We also saw first hand the kind of persecution that
befell the Hallinans in the wake of Vin taking on the legal defence of another
family friend, Harry Bridges, so we were all too aware of the role the F.B.I.
played in the cold war hysteria which had engulfed the nation. The cozy,
engaging and noble picture that Jimmy Stewart's movie painted was so far from
the reality we knew about as to be laughable but nobody was laughing.
This was a big budget Warner Brothers production in
technicolor with a musical score by Max Steiner and, as far as I could make out, this movie was a big hit.
They also brought out a Dell comic book to promote it
which I soon discovered at the Bus Depot as I regularly surveyed and read most
of the comics that came in.
The marketing of comic books was not unlike that of
selling movies. The cover had to grab you and the cover for The F.B.I. Story was dramatic with the shadow of a machine gun
wielding federal agent on a door. As I recall it wasn't terribly well
illustrated inside which was the case with many of the movie comics that Dell
produced. There wasn't the kind of consistency you got with Uncle Scrooge.

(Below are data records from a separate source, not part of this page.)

(* For every integer $s\ge 2$, there exist mutually unbiased equiangular tight frames $(v_1,\dots,v_k)$ and $(w_1,\dots,w_l)$ for $\mathbb{R}^m$, where $$k=2^{s-1}(2^s-1),\qquad l=2^{s-1}(2^s+1),\qquad m=\frac{2^{2s}-1}{3}.$$
   Context: A system of unit vectors $(v_1,\dots,v_n)$ in $\mathbb{R}^m$ is an equiangular tight frame if $|\langle v_i,v_j\rangle|$ is the same constant for all $i\ne j$ and $VV^\top=\frac{n}{m}\mathrm{I}_m$, where $V$ has columns $v_i$. Two equiangular tight frames $(v_1,\dots,v_k)$, $(w_1,\dots,w_l)$ for $\mathbb{R}^m$ are mutually unbiased if there is $c\in\mathbb{R}$ with $|\langle v_i,w_j\rangle|=c$ for all $i,j$. *)

(* Vectors in R^m are column vectors; a system of n vectors
   is an m x n matrix V whose columns are the v_i. *)
From mathcomp Require Import all_boot all_order all_algebra.
From mathcomp Require Import reals.
Set Implicit Arguments. Unset Strict Implicit. Unset Printing Implicit Defensive.
Import Order.TTheory GRing.Theory Num.Theory.
Local Open Scope ring_scope.

Definition ip (R : realType) (m n p : nat) (V : 'M[R]_(m, n)) (W : 'M[R]_(m, p))
  (i : 'I_n) (j : 'I_p) : R :=
  \sum_(a < m) V a i * W a j.

Definition is_ETF (R : realType) (m n : nat) (V : 'M[R]_(m, n)) : Prop :=
  [/\ forall i : 'I_n, ip V V i i = 1,
      exists c : R, forall i j : 'I_n, i != j -> `|ip V V i j| = c
    & V *m V^T = (n%:R / m%:R)%:M].

Definition mutually_unbiased (R : realType) (m k l : nat)
  (V : 'M[R]_(m, k)) (W : 'M[R]_(m, l)) : Prop :=
  exists c : R, forall (i : 'I_k) (j : 'I_l), `|ip V W i j| = c.

From mathcomp Require Import all_boot all_order all_algebra.
From mathcomp Require Import reals.
From mathcomp Require Import ring lra zify.
Set Implicit Arguments. Unset Strict Implicit. Unset Printing Implicit Defensive.
Import Order.TTheory GRing.Theory Num.Theory.
Local Open Scope ring_scope.

(* Let q be the hyperbolic quadratic form on F_2^(2s), B its polar form and t = 2^s.
   The kernel
     G(a, b) = t [a = b] + tau(q a, q b) (-1)^B(a,b),
   with tau = -(-1)^q0 inside the level set {q = q0} and tau = sqrt 3 between the
   two level sets, satisfies G^2 = 3t G, and each of its two diagonal blocks
   satisfies G_q0^2 = (3t/2) G_q0.  Both identities reduce to the character sums
     sum_b (-1)^(B(a,b) + B(b,c)) = t^2 [a = c],
     sum_b (-1)^(q b + B(a,b) + B(b,c)) = t (-1)^(q a + q c + B(a,c)).
   Hence G / 3t is an orthogonal projection of trace (t^2 - 1)/3 = m, i.e. the Gram
   matrix of vectors x_a in R^m.  Suitably rescaled, the x_a with q a = 1 and those
   with q a = 0 have Gram matrices proportional to the blocks of G: the block identity
   makes them tight frames, the entries of G make them equiangular, and the
   off-diagonal block, of constant modulus sqrt 3, makes them mutually unbiased. *)

Lemma sign_bigaddb (R : pzRingType) (I : Type) (r : seq I) (P : pred I) (F : I -> bool) :
  (-1) ^+ (\big[addb/false]_(i <- r | P i) F i) = \prod_(i <- r | P i) (-1) ^+ F i :> R.
Proof.
by apply: (big_morph (fun b : bool => (-1) ^+ b : R) (id1 := 1) (op1 := *%R)) => [x y|];
  rewrite ?signr_addb.
Qed.

Lemma sum_bool2 (R : nmodType) (F : bool * bool -> R) :
  \sum_x F x = F (true, true) + F (true, false) + F (false, true) + F (false, false).
Proof.
rewrite (eq_bigr (fun x => F (x.1, x.2))); last by case.
by rewrite -(pair_big xpredT xpredT (fun x y => F (x, y))) /= !big_bool -[RHS]addrA.
Qed.

Lemma prod_nat_eq_ffun (R : comPzSemiRingType) (I : finType) (T : eqType)
    (a c : {ffun I -> T}) :
  \prod_i ((a i == c i)%:R : R) = (a == c)%:R.
Proof.
have [->|ac] := eqVneq a c; first by rewrite big1 // => i _; rewrite eqxx.
have [i aci] : exists i, a i != c i.
  by apply/existsP; apply: contraNT ac => /existsPn ac; apply/eqP/ffunP => i; apply/eqP/negPn.
by rewrite (bigD1 i) //= (negbTE aci) mul0r.
Qed.

Lemma sum_delta_mull (R : pzSemiRingType) (T : finType) (a : T) (F : T -> R) :
  \sum_b (a == b)%:R * F b = F a.
Proof.
rewrite (bigD1 a) //= eqxx mul1r big1 ?addr0 // => b.
by rewrite eq_sym => /negbTE ->; rewrite mul0r.
Qed.

Section ProjectionKernel.
Variables (R : rcfType) (T : finType).

Definition projection_kernel (P : T -> T -> R) :=
  (forall a b, P a b = P b a) /\ (forall a c, \sum_b P a b * P b c = P a c).

Lemma projection_kernel_diag P a : projection_kernel P -> P a a = \sum_b P a b ^+ 2.
Proof.
by case=> Psym <-; apply: eq_bigr => b _; rewrite [P b a]Psym expr2.
Qed.

Lemma projection_kernel_diag_ge0 P a : projection_kernel P -> 0 <= P a a.
Proof.
by move=> PP; rewrite projection_kernel_diag // sumr_ge0 // => b _; exact: sqr_ge0.
Qed.

Lemma projection_kernel_trace0 P : projection_kernel P -> \sum_a P a a = 0 ->
  forall a b, P a b = 0.
Proof.
move=> PP tr0 a b; apply/eqP; rewrite -sqrf_eq0; apply/eqP.
have := psumr_eq0P (fun a _ => projection_kernel_diag_ge0 a PP) tr0 (i := a) isT.
by rewrite projection_kernel_diag // => /psumr_eq0P; apply=> // c _; exact: sqr_ge0.
Qed.

Lemma projection_kernel_deflate P j : projection_kernel P -> P j j != 0 ->
  let u b := P j b / Num.sqrt (P j j) in
  projection_kernel (fun a b => P a b - u a * u b) /\
  \sum_a (P a a - u a * u a) = \sum_a P a a - 1.
Proof.
move=> PP Pjj u; have [Psym Pidem] := PP.
have Pjj_gt0 : 0 < P j j by rewrite lt_def Pjj projection_kernel_diag_ge0.
have Pu a : \sum_b P a b * u b = u a.
  rewrite /u; under eq_bigr do rewrite mulrA.
  by rewrite -mulr_suml; under eq_bigr do rewrite [P j _]Psym; rewrite Pidem Psym.
have uu : \sum_b u b * u b = 1.
  rewrite /u; under eq_bigr do rewrite mulrACA -invfM -!expr2 sqr_sqrtr ?ltW //.
  by rewrite -mulr_suml -projection_kernel_diag // divff.
split; last by rewrite sumrB uu.
split=> [a b|a c]; first by rewrite Psym mulrC.
transitivity (\sum_b P a b * P b c - u c * (\sum_b P a b * u b)
              - u a * (\sum_b P c b * u b) + u a * u c * \sum_b u b * u b).
  rewrite !mulr_sumr -!sumrB -big_split /=; apply: eq_bigr => b _.
  by rewrite [P c b]Psym; ring.
by rewrite Pidem !Pu uu; ring.
Qed.

Lemma projection_kernel_factor m P : projection_kernel P -> \sum_a P a a = m%:R ->
  exists x : 'I_m -> T -> R, forall a b, \sum_r x r a * x r b = P a b.
Proof.
elim: m P => [|m IH] P PP trP.
  by exists (fun _ _ => 0) => a b; rewrite big_ord0 (projection_kernel_trace0 PP).
case: (pickP (fun j => P j j != 0)) => [j Pjj|P0]; last first.
  move: trP; rewrite big1 => [/eqP|a _]; first by rewrite eq_sym pnatr_eq0.
  exact/eqP/negbFE/P0.
have [P'P trP'] := projection_kernel_deflate PP Pjj.
rewrite trP -addn1 natrD addrK in trP'.
have [x' hx'] := IH _ P'P trP'.
exists (fun r => if unlift ord0 r is Some r' then x' r' else fun b => P j b / Num.sqrt (P j j)).
move=> a b; rewrite big_ord_recl unlift_none.
under eq_bigr do rewrite liftK.
by rewrite hx'; ring.
Qed.

End ProjectionKernel.

Lemma mxtrace_mulmx_tr_eq0 (R : realDomainType) m n (N : 'M[R]_(m, n)) :
  \tr (N *m N^T) = 0 -> N = 0.
Proof.
move=> tr0; apply/matrixP => i j; rewrite mxE.
have entry_ge0 k l : 0 <= N k l * N^T l k by rewrite mxE -expr2 sqr_ge0.
have diag_ge0 k : 0 <= (N *m N^T) k k by rewrite mxE sumr_ge0.
have := psumr_eq0P (fun k _ => diag_ge0 k) tr0 (i := i) isT.
rewrite mxE => /(psumr_eq0P (fun l _ => entry_ge0 i l))/(_ j isT)/eqP.
by rewrite mxE mulf_eq0 orbb => /eqP.
Qed.

Lemma sym_mx_sqr_trace_eq0 (R : realDomainType) n (N : 'M[R]_n) :
  N^T = N -> \tr (N *m N) = 0 -> N = 0.
Proof. by move=> NT; rewrite -{2}NT; apply: mxtrace_mulmx_tr_eq0. Qed.

(* If the Gram matrix [G] of [V] satisfies [G^2 = c G], then [M = V V^T] satisfies
   [M^2 = c M] since [M^2 - c M = V (G - c) V^T] squares to zero; the trace
   condition then forces [M = c]. *)
Lemma gram_tight (R : realFieldType) m k (V : 'M[R]_(m, k)) (c : R) :
  (V^T *m V) *m (V^T *m V) = c *: (V^T *m V) -> \tr (V^T *m V) = c * m%:R ->
  V *m V^T = c%:M.
Proof.
move=> GG trG; set M := V *m V^T.
have MT : M^T = M by rewrite /M trmx_mul trmxK.
have MM : M *m M = c *: M.
  set A := V^T *m V - c%:M.
  have AG : A *m (V^T *m V) = 0 by rewrite mulmxBl GG mul_scalar_mx subrr.
  apply/subr0_eq/sym_mx_sqr_trace_eq0.
    by rewrite linearB /= linearZ /= trmx_mul MT.
  have -> : M *m M - c *: M = V *m A *m V^T.
    by rewrite /M mulmxBr mulmxBl mul_mx_scalar -scalemxAl !mulmxA.
  have -> : V *m A *m V^T *m (V *m A *m V^T) = V *m (A *m (V^T *m V)) *m (A *m V^T).
    by rewrite !mulmxA.
  by rewrite AG mulmx0 mul0mx mxtrace0.
have trM : \tr M = c * m%:R by rewrite /M mxtrace_mulC.
apply/subr0_eq/sym_mx_sqr_trace_eq0.
  by rewrite linearB /= tr_scalar_mx MT.
rewrite mulmxBl !mulmxBr MM mul_mx_scalar !mul_scalar_mx.
by rewrite !linearB !linearZ /= mxtrace_scalar trM -mulr_natr; ring.
Qed.

Lemma ip_trmx_mul (R : realType) m n p (V : 'M[R]_(m, n)) (W : 'M[R]_(m, p)) i j :
  ip V W i j = (V^T *m W) i j.
Proof. by rewrite mxE; apply: eq_bigr => r _; rewrite mxE. Qed.

Lemma is_ETF_gram (R : realType) m k (V : 'M[R]_(m, k)) (c : R) :
  (0 < m)%N ->
  (forall i, ip V V i i = 1) ->
  (forall i j, i != j -> `|ip V V i j| = c) ->
  (forall i j, \sum_l ip V V i l * ip V V l j = k%:R / m%:R * ip V V i j) ->
  is_ETF V.
Proof.
move=> m_gt0 unit equi sqr; split=> //; first by exists c.
apply: gram_tight.
  apply/matrixP => i j; rewrite mxE [RHS]mxE -ip_trmx_mul -sqr.
  by apply: eq_bigr => l _; rewrite -!ip_trmx_mul.
rewrite /mxtrace (eq_bigr (fun _ => 1)) => [|i _]; last by rewrite -ip_trmx_mul.
by rewrite sumr_const card_ord divfK // pnatr_eq0 -lt0n.
Qed.

Section FrameOn.
Variables (R : realType) (T : finType) (m : nat) (x : 'I_m -> T -> R).

Definition frame_on (A : {set T}) (alpha : R) : 'M[R]_(m, #|A|) :=
  \matrix_(r, j) (alpha * x r (enum_val j)).

Lemma ip_frame_on A B alpha beta i j :
  ip (frame_on A alpha) (frame_on B beta) i j =
  alpha * beta * \sum_r x r (enum_val i) * x r (enum_val j).
Proof. by rewrite /ip mulr_sumr; apply: eq_bigr => r _; rewrite !mxE; ring. Qed.

End FrameOn.

(* [hvec s] is F_2^(2s), the orthogonal sum of [s] hyperbolic planes: on each plane
   the quadratic form is [qf2] and its polar bilinear form is [bf2]. *)
Notation hvec s := {ffun 'I_s -> bool * bool}.

Definition qf2 (x : bool * bool) : bool := x.1 && x.2.
Definition bf2 (x y : bool * bool) : bool := (x.1 && y.2) (+) (x.2 && y.1).

Definition qform s (a : hvec s) : bool := \big[addb/false]_i qf2 (a i).
Definition bform s (a b : hvec s) : bool := \big[addb/false]_i bf2 (a i) (b i).

Lemma bformC s (a b : hvec s) : bform a b = bform b a.
Proof.
by apply: eq_bigr => i _; rewrite /bf2 addbC [(b i).1 && _]andbC [(b i).2 && _]andbC.
Qed.

Lemma bformxx s (a : hvec s) : bform a a = false.
Proof. by rewrite /bform big1 // => i _; rewrite /bf2 andbC addbb. Qed.





Definition qlevel s (q0 : bool) : {set hvec s} := [set a | qform a == q0].

Section Characters.
Variables (R : comPzRingType) (s : nat).

Lemma sum_characters (a c : hvec s) :
  \sum_b (-1) ^+ bform a b * (-1) ^+ bform b c = (4 ^ s)%:R * (a == c)%:R :> R.
Proof.
have bf2_sum (y z : bool * bool) :
    \sum_x (-1) ^+ bf2 y x * (-1) ^+ bf2 x z = 4 * (y == z)%:R :> R.
  by rewrite sum_bool2; case: y z => [[] []] [[] []]; rewrite /bf2 /= ?expr0 ?expr1; ring.
under eq_bigr do rewrite !sign_bigaddb -big_split.
rewrite -(bigA_distr_bigA (fun i x => (-1) ^+ bf2 (a i) x * (-1) ^+ bf2 x (c i))) /=.
by rewrite (eq_bigr _ (fun i _ => bf2_sum _ _)) big_split prodr_const
  card_ord prod_nat_eq_ffun natrX.
Qed.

Dell comics also published Uncle Scrooge, written and
illustrated by Carl Barks but sold to the likes of me as the creation of Walt
Disney. Scrooge McDuck found himself in a contest with Flintheart Glomgold to
be money champion of the universe.
Glomgold was, like McDuck, a waddling white feathered
bird who wore a cap that looked Scottish. He was similar to Uncle Scrooge in
three ways: he had a pair of spectacles which balanced on the bridge of his
beak, he too wore spats over his webbed feet and he, like his rival, did not
wear trousers.
If ever there was a benevolent caricature of
capitalism it was Uncle Scrooge whose avarice was always a source of amusement.
Although Disney himself was very right wing he never
allowed politics to interfere with his story telling. There were war comic
books in the 1950s which often made villains of the Chinese, Russians and
Eastern Europeans but I was never interested in these.
Another movie which came out about this time was Pillow
Talk starring Rock Hudson and Doris
Day. It also had a smaller role played by Tony Randall. I loved this movie
along with millions of others.
Doris Day had been a favorite of mine ever since
Hitchcock's The Man Who Knew Too Much
and Calamity Jane.
Thanks to the Hallinans and their Hollywood gossip we
knew that Rock Hudson was gay but that simply made his screen persona that much
more interesting. This movie, all about the idiocies of the advertising world,
was so well crafted in every department and Tony Randall's turn as the poor
little rich kid owner of the agency was hilarious.
So remembering 1959 isn't all that difficult if you
spent as much time as I did watching movies at the Sequoia, reading comics at
the Bus Depot and hearing the latest records at Village Music.